Con una punta di presunzione, quello che dovevo dire su Fidel l’ho scritto già nel suo coccodrillo, che anche questa volta non servirà e che ripropongo di seguito. Noto che nell’articolo parlavo di 300 prigionieri politici. Nel frattempo, nel “gulag tropicale”, questi, secondo Amnistia Internazionale, sono diminuiti a 54. Sono sempre 54 di troppo ma sono sempre meno del 10% dei prigionieri politici detenuti a Cuba. Il 90% dei prigionieri politici a Cuba (salvo una dozzina) non sono mai stati incriminati di alcun delitto, e non hanno mai visto un avvocato. Quei 600 disgraziati stanno a Guantanamo e sono prigionieri politici del governo degli Stati Uniti d’America.

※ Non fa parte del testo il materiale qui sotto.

(* Under the hypotheses and notation of the context, for every $\epsilon>0$ there exists $\mu_\epsilon>1$ such that for all $1\le\mu\le\mu_\epsilon$ and all $(x,t)\in\mathbb T^N\times[0,\infty)$, $$P_{\eta\mu}[u](x,t)\ge P_{\eta1}[u](x,t)-\epsilon.$$ Consequently, if $m_{\eta1}:=\lim_{t\to\infty}\max\{0,\sup_xP_{\eta1}[u](x,t)\}>0$, then there is $\mu_\eta>1$ such that $\sup_{x}P_{\eta\mu}[u](x,t)\ge m_{\eta1}/2$ for all $t\ge0$ and $1<\mu<\mu_\eta$.
   Context: $\mathbb T^N=\mathbb R^N/\mathbb Z^N$. $u\in C(\mathbb T^N\times[0,\infty))$ is a bounded function (the bounded viscosity solution of the equation $u_t+\sup_\theta\{-\mathrm{tr}(A_\theta D^2u)+H_\theta(x,Du)\}=0$ with ergodic constant normalized to $0$, under the standing assumptions of bounded Lipschitz diffusions, locally Lipschitz Hamiltonians, convexity in $p$, and uniform Lipschitz bounds in $x$), and $v$ is a bounded continuous function on $\mathbb T^N$. For $\eta>0$, $\mu\ge1$: $P_{\eta\mu}[u](x,t)=\sup_{s\ge t}\{u(x,t)-v(x)-\mu(u(x,s)-v(x))-\mu\eta(s-t)\}$. It is known (Lemma 4.2) that $t\mapsto\max\{0,\sup_xP_{\eta1}[u](x,t)\}$ is nonincreasing, so $m_{\eta1}$ is well defined. *)

From Stdlib Require Import Reals Lra ClassicalEpsilon.
From Stdlib Require Fin.
Open Scope R_scope.

(* Points of R^N; the torus T^N = R^N/Z^N is modelled by Z^N-periodic functions. *)
Definition Vec (N : nat) := Fin.t N -> R.

(* Supremum of a set of reals (well defined whenever the set is nonempty and
   bounded above, which is the case for all sets used below). *)
Definition Rsup (E : R -> Prop) : R :=
  epsilon (inhabits 0) (fun l => is_lub E l).

Definition Pemu {N : nat} (eta mu : R) (u : Vec N -> R -> R) (v : Vec N -> R)
  (x : Vec N) (t : R) : R :=
  Rsup (fun r => exists s, t <= s /\
          r = u x t - v x - mu * (u x s - v x) - mu * eta * (s - t)).

Definition supP {N : nat} (eta mu : R) (u : Vec N -> R -> R) (v : Vec N -> R)
  (t : R) : R :=
  Rsup (fun r => exists x : Vec N, r = Pemu eta mu u v x t).

Definition lim_at_infty (f : R -> R) (l : R) : Prop :=
  forall eps, eps > 0 -> exists T, forall t, t >= T -> Rabs (f t - l) < eps.

Definition periodic_x {N : nat} (u : Vec N -> R -> R) : Prop :=
  forall (x : Vec N) (k : Fin.t N -> Z) (t : R),
    u (fun j => x j + IZR (k j)) t = u x t.

Definition periodic {N : nat} (v : Vec N -> R) : Prop :=
  forall (x : Vec N) (k : Fin.t N -> Z), v (fun j => x j + IZR (k j)) = v x.

Definition cont_xt {N : nat} (u : Vec N -> R -> R) : Prop :=
  forall (x : Vec N) t, 0 <= t -> forall eps, eps > 0 -> exists delta, delta > 0 /\
    forall (y : Vec N) s, 0 <= s -> (forall j, Rabs (y j - x j) < delta) ->
      Rabs (s - t) < delta -> Rabs (u y s - u x t) < eps.

Definition cont_x {N : nat} (v : Vec N -> R) : Prop :=
  forall (x : Vec N) eps, eps > 0 -> exists delta, delta > 0 /\
    forall (y : Vec N), (forall j, Rabs (y j - x j) < delta) ->
      Rabs (v y - v x) < eps.

From Stdlib Require Import Reals Lra ClassicalEpsilon Classical.
Open Scope R_scope.

(* Write w(x,s) = u(x,s) - v(x), bounded by K, and let
     pen_mu(s) = w(x,t) - mu w(x,s) - mu eta (s-t),  so P_{eta mu} = sup_{s>=t} pen_mu(s).
   Since pen_1(t) = 0 we have P_{eta 1} >= 0, hence any s whose value pen_1(s)
   is within delta of P_{eta 1} satisfies eta (s-t) <= 2K + delta: near-maximizers
   live in a bounded window.  On that window
     pen_mu(s) = pen_1(s) - (mu-1) (w(x,s) + eta (s-t))
   differs from pen_1(s) by at most (mu-1)(3K + delta), which gives the first
   claim with an explicit mu_eps.  Taking the supremum in x transfers the
   pointwise estimate to sup_x P.  For the second claim, a nonincreasing function
   lies above its limit, so sup_x P_{eta 1}[u](.,t) >= m_{eta 1} for every t, and
   the first claim with eps = m_{eta 1}/2 concludes. *)

Definition bounded_above (E : R -> Prop) : Prop := exists M, forall r, E r -> r <= M.

Lemma Rsup_lub (E : R -> Prop) :
  (exists r, E r) -> bounded_above E -> is_lub E (Rsup E).
Proof.
  intros [r Hr] [M HM]. unfold Rsup.
  apply epsilon_spec.
  destruct (completeness E) as [l Hl].
  - exists M. intros y Hy. now apply HM.
  - now exists r.
  - now exists l.
Qed.

Lemma Rsup_ge (E : R -> Prop) (r : R) : E r -> bounded_above E -> r <= Rsup E.
Proof. intros Hr HM. apply (Rsup_lub E (ex_intro _ r Hr) HM); assumption. Qed.

Lemma Rsup_le (E : R -> Prop) (M : R) :
  (exists r, E r) -> (forall r, E r -> r <= M) -> Rsup E <= M.
Proof.
  intros Hne HM. apply (Rsup_lub E Hne (ex_intro _ M HM)). exact HM.
Qed.

Lemma Rsup_approx (E : R -> Prop) (eps : R) :
  (exists r, E r) -> bounded_above E -> eps > 0 -> exists r, E r /\ r > Rsup E - eps.
Proof.
  intros Hne Hbd Heps. apply NNPP. intros Hnone.
  assert (Rsup E <= Rsup E - eps); [|lra].
  apply Rsup_le; [exact Hne|]. intros r Hr.
  apply Rnot_lt_le. intros Hlt. apply Hnone. exists r. split; [exact Hr | lra].
Qed.

Lemma nonincreasing_ge_limit (f : R -> R) (m : R) :
  (forall t1 t2, 0 <= t1 -> t1 <= t2 -> f t2 <= f t1) ->
  lim_at_infty f m -> forall t, 0 <= t -> m <= f t.
Proof.
  intros Hmono Hlim t Ht. apply Rnot_lt_le. intros Hlt.
  destruct (Hlim (m - f t) ltac:(lra)) as [T HT].
  pose proof (HT (Rmax T t) (Rle_ge _ _ (Rmax_l T t))) as Hclose.
  pose proof (Hmono t (Rmax T t) Ht (Rmax_r T t)).
  apply Rabs_def2 in Hclose. lra.
Qed.

Section Penalization.

Variables (N : nat) (u : Vec N -> R -> R) (v : Vec N -> R) (eta K : R).
Hypothesis eta_nonneg : 0 <= eta.
Hypothesis w_bounded : forall x t, 0 <= t -> Rabs (u x t - v x) <= K.

Lemma w_bounds (x : Vec N) (t : R) : 0 <= t -> - K <= u x t - v x <= K.
Proof.
  intros Ht. pose proof (w_bounded x t Ht) as H.
  unfold Rabs in H. destruct (Rcase_abs (u x t - v x)); lra.
Qed.

Lemma K_nonneg : 0 <= K.
Proof. pose proof (w_bounds (fun _ => 0) 0 (Rle_refl 0)). lra. Qed.

Definition penalty (mu : R) (x : Vec N) (t s : R) : R :=
  u x t - v x - mu * (u x s - v x) - mu * eta * (s - t).

Definition penalty_values (mu : R) (x : Vec N) (t : R) : R -> Prop :=
  fun r => exists s, t <= s /\ r = penalty mu x t s.

Lemma Pemu_as_sup (mu : R) (x : Vec N) (t : R) :
  Pemu eta mu u v x t = Rsup (penalty_values mu x t).
Proof. reflexivity. Qed.

Lemma penalty_values_nonempty (mu : R) (x : Vec N) (t : R) :
  exists r, penalty_values mu x t r.
Proof. exists (penalty mu x t t). exists t. split; [lra | reflexivity]. Qed.

Lemma penalty_le (mu : R) (x : Vec N) (t s : R) :
  0 <= mu -> 0 <= t -> t <= s -> penalty mu x t s <= K + mu * K.
Proof.
  intros Hmu Ht Hs. unfold penalty.
  pose proof (w_bounds x t Ht). pose proof (w_bounds x s ltac:(lra)).
  assert (0 <= mu * eta * (s - t)) by (apply Rmult_le_pos; [apply Rmult_le_pos|]; lra).
  assert (- (mu * (u x s - v x)) <= mu * K) by nra.
  lra.
Qed.

Lemma penalty_values_bounded (mu : R) (x : Vec N) (t : R) :
  0 <= mu -> 0 <= t -> bounded_above (penalty_values mu x t).
Proof.
  intros Hmu Ht. exists (K + mu * K). intros r [s [Hs ->]]. now apply penalty_le.
Qed.

Lemma penalty_le_Pemu (mu : R) (x : Vec N) (t s : R) :
  0 <= mu -> 0 <= t -> t <= s -> penalty mu x t s <= Pemu eta mu u v x t.
Proof.
  intros Hmu Ht Hs. rewrite Pemu_as_sup. apply Rsup_ge.
  - exists s. split; [exact Hs | reflexivity].
  - now apply penalty_values_bounded.
Qed.

Lemma Pemu_le_bound (mu : R) (x : Vec N) (t : R) :
  0 <= mu -> 0 <= t -> Pemu eta mu u v x t <= K + mu * K.
Proof.
  intros Hmu Ht. rewrite Pemu_as_sup. apply Rsup_le.
  - apply penalty_values_nonempty.
  - intros r [s [Hs ->]]. now apply penalty_le.
Qed.

(* P_{eta 1} >= 0, witnessed by s = t. *)
Lemma Pemu1_nonneg (x : Vec N) (t : R) : 0 <= t -> 0 <= Pemu eta 1 u v x t.
Proof.
  intros Ht. replace 0 with (penalty 1 x t t) by (unfold penalty; ring).
  apply penalty_le_Pemu; lra.
Qed.

Lemma near_maximizer (x : Vec N) (t delta : R) : 0 <= t -> delta > 0 ->
  exists s, t <= s /\ penalty 1 x t s > Pemu eta 1 u v x t - delta /\
            eta * (s - t) <= 2 * K + delta.
Proof.
  intros Ht Hdelta.
  destruct (Rsup_approx _ delta (penalty_values_nonempty 1 x t)
              (penalty_values_bounded 1 x t ltac:(lra) Ht) Hdelta)
    as [r [[s [Hs ->]] Hr]].
  rewrite <- Pemu_as_sup in Hr.
  exists s. split; [exact Hs | split; [exact Hr |]].
  pose proof (Pemu1_nonneg x t Ht).
  pose proof (w_bounds x t Ht). pose proof (w_bounds x s ltac:(lra)).
  unfold penalty in Hr. lra.
Qed.

Lemma penalty_shift (mu : R) (x : Vec N) (t s : R) :
  penalty mu x t s = penalty 1 x t s - (mu - 1) * ((u x s - v x) + eta * (s - t)).
Proof. unfold penalty. ring. Qed.

Lemma Pemu_continuity_at_1 (eps : R) : eps > 0 ->
  forall mu, 1 <= mu <= 1 + eps / (2 * (3 * K + eps + 1)) ->
  forall x t, 0 <= t -> Pemu eta mu u v x t >= Pemu eta 1 u v x t - eps.
Proof.
  intros Heps mu Hmu x t Ht.
  set (D := 3 * K + eps + 1).
  assert (HD : D > 0) by (pose proof K_nonneg; unfold D; lra).
  destruct (near_maximizer x t (eps / 2) Ht ltac:(lra)) as [s [Hs [Hnear Hwindow]]].
  assert (Hgap : (mu - 1) * D <= eps / 2).
  { replace (eps / 2) with (eps / (2 * D) * D) by (field; lra).
    apply Rmult_le_compat_r; fold D in Hmu; lra. }
  assert (Hshift : (mu - 1) * ((u x s - v x) + eta * (s - t)) <= (mu - 1) * D).
  { pose proof (w_bounds x s ltac:(lra)).
    apply Rmult_le_compat_l; unfold D; lra. }
  pose proof (penalty_le_Pemu mu x t s ltac:(lra) Ht Hs).
  rewrite penalty_shift in *. lra.
Qed.

Definition Pemu_values (mu t : R) : R -> Prop :=
  fun r => exists x : Vec N, r = Pemu eta mu u v x t.

Lemma supP_as_sup (mu t : R) : supP eta mu u v t = Rsup (Pemu_values mu t).
Proof. reflexivity. Qed.

Lemma Pemu_le_supP (mu : R) (x : Vec N) (t : R) :
  0 <= mu -> 0 <= t -> Pemu eta mu u v x t <= supP eta mu u v t.
Proof.
  intros Hmu Ht. rewrite supP_as_sup. apply Rsup_ge.
  - now exists x.
  - exists (K + mu * K). intros r [y ->]. now apply Pemu_le_bound.
Qed.

Lemma supP_compare (mu t eps : R) : 0 <= mu -> 0 <= t ->
  (forall x, Pemu eta mu u v x t >= Pemu eta 1 u v x t - eps) ->
  supP eta mu u v t >= supP eta 1 u v t - eps.
Proof.
  intros Hmu Ht Hcmp. apply Rle_ge.
  assert (supP eta 1 u v t <= supP eta mu u v t + eps); [|lra].
  rewrite (supP_as_sup 1). apply Rsup_le.
  - now exists (Pemu eta 1 u v (fun _ => 0) t), (fun _ => 0).
  - intros r [x ->]. pose proof (Hcmp x). pose proof (Pemu_le_supP mu x t Hmu Ht). lra.
Qed.

End Penalization.

Lemma difference_bounded {N : nat} (u : Vec N -> R -> R) (v : Vec N -> R) :
  (exists C, forall x t, 0 <= t -> Rabs (u x t) <= C) ->
  (exists C, forall x, Rabs (v x) <= C) ->
  exists K, forall x t, 0 <= t -> Rabs (u x t - v x) <= K.
Proof.
  intros [Cu HCu] [Cv HCv]. exists (Cu + Cv). intros x t Ht.
  pose proof (Rabs_triang (u x t) (- v x)). rewrite Rabs_Ropp in *.
  pose proof (HCu x t Ht). pose proof (HCv x). unfold Rminus. lra.
Qed.

Theorem lemma4p3 (N : nat) (u : Vec N -> R -> R) (v : Vec N -> R) (eta : R)
  (Hu_per : periodic_x u) (Hu_cont : cont_xt u)
  (Hu_bd : exists C, forall x t, 0 <= t -> Rabs (u x t) <= C)
  (Hv_per : periodic v) (Hv_cont : cont_x v)
  (Hv_bd : exists C, forall x, Rabs (v x) <= C)
  (Heta : eta > 0)
  (* Lemma 4.2: t |-> max{0, sup_x P_{eta 1}[u](x,t)} is nonincreasing *)
  (Hmono : forall t1 t2, 0 <= t1 -> t1 <= t2 ->
     Rmax 0 (supP eta 1 u v t2) <= Rmax 0 (supP eta 1 u v t1)) :
  (forall eps, eps > 0 -> exists mu_eps, mu_eps > 1 /\
     forall mu, 1 <= mu <= mu_eps -> forall (x : Vec N) t, 0 <= t ->
       Pemu eta mu u v x t >= Pemu eta 1 u v x t - eps)
  /\
  (forall m, lim_at_infty (fun t => Rmax 0 (supP eta 1 u v t)) m -> m > 0 ->
     exists mu_eta, mu_eta > 1 /\
       forall t mu, 0 <= t -> 1 < mu < mu_eta -> supP eta mu u v t >= m / 2).
Proof.
  destruct (difference_bounded u v Hu_bd Hv_bd) as [K HK].
  assert (Heta0 : 0 <= eta) by lra.
  assert (Hcont : forall eps, eps > 0 -> exists mu_eps, mu_eps > 1 /\
            forall mu, 1 <= mu <= mu_eps -> forall (x : Vec N) t, 0 <= t ->
              Pemu eta mu u v x t >= Pemu eta 1 u v x t - eps).
  { intros eps Heps. exists (1 + eps / (2 * (3 * K + eps + 1))). split.
    - pose proof (K_nonneg N u v K HK).
      assert (eps / (2 * (3 * K + eps + 1)) > 0) by (apply Rdiv_lt_0_compat; lra). lra.
    - exact (Pemu_continuity_at_1 N u v eta K Heta0 HK eps Heps). }
  split; [exact Hcont |].
  intros m Hlim Hm.
  destruct (Hcont (m / 2) ltac:(lra)) as [mu_eta [Hmu_eta Hclose]].
  exists mu_eta. split; [exact Hmu_eta |]. intros t mu Ht Hmu.
  assert (Habove : m <= supP eta 1 u v t).
  { pose proof (nonincreasing_ge_limit _ m Hmono Hlim t Ht) as H.
    unfold Rmax in H. destruct (Rle_dec 0 (supP eta 1 u v t)); lra. }
  pose proof (supP_compare N u v eta K Heta0 HK mu t (m / 2) ltac:(lra) Ht
                (fun x => Hclose mu ltac:(lra) x t Ht)).
  lra.
Qed.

Fidel Castro; appunti per un coccodrillo che per ora non servirà – articolo del 2 agosto 2006

Si poteva scommettere che oggi Pierluigi Battista, sulle pagine del Corriere della Sera, avrebbe usato le parole “satrapo” e “satrapia” con l’aggiunta dell’aggettivo “tropicale” per definire Fidel Castro e la Rivoluzione cubana. Che noia! Che superficialità di analisi (sic!) per il principale quotidiano italiano! Ci si domanda perfino che titoli abbia Pierluigi Battista per scrivere di America Latina se non riesce ad esprimere altro che una sequela di termini come “satrapo”, “gulag tropicale”, “dittatore sanguinario”. Forse scriverli costituisce un titolo di merito in certi ambienti, ma tali termini non contribuiscano in nulla a spiegare 47 anni di Rivoluzione a Cuba. Stantie, schematiche, scontate, soprattutto colpevolmente autoreferenti, appaiono tutte le analisi sulla Rivoluzione cubana, soprattutto da quella sinistra che nel condannare sempre e comunque Cuba vede una comoda maniera di emendare il proprio peccato originale.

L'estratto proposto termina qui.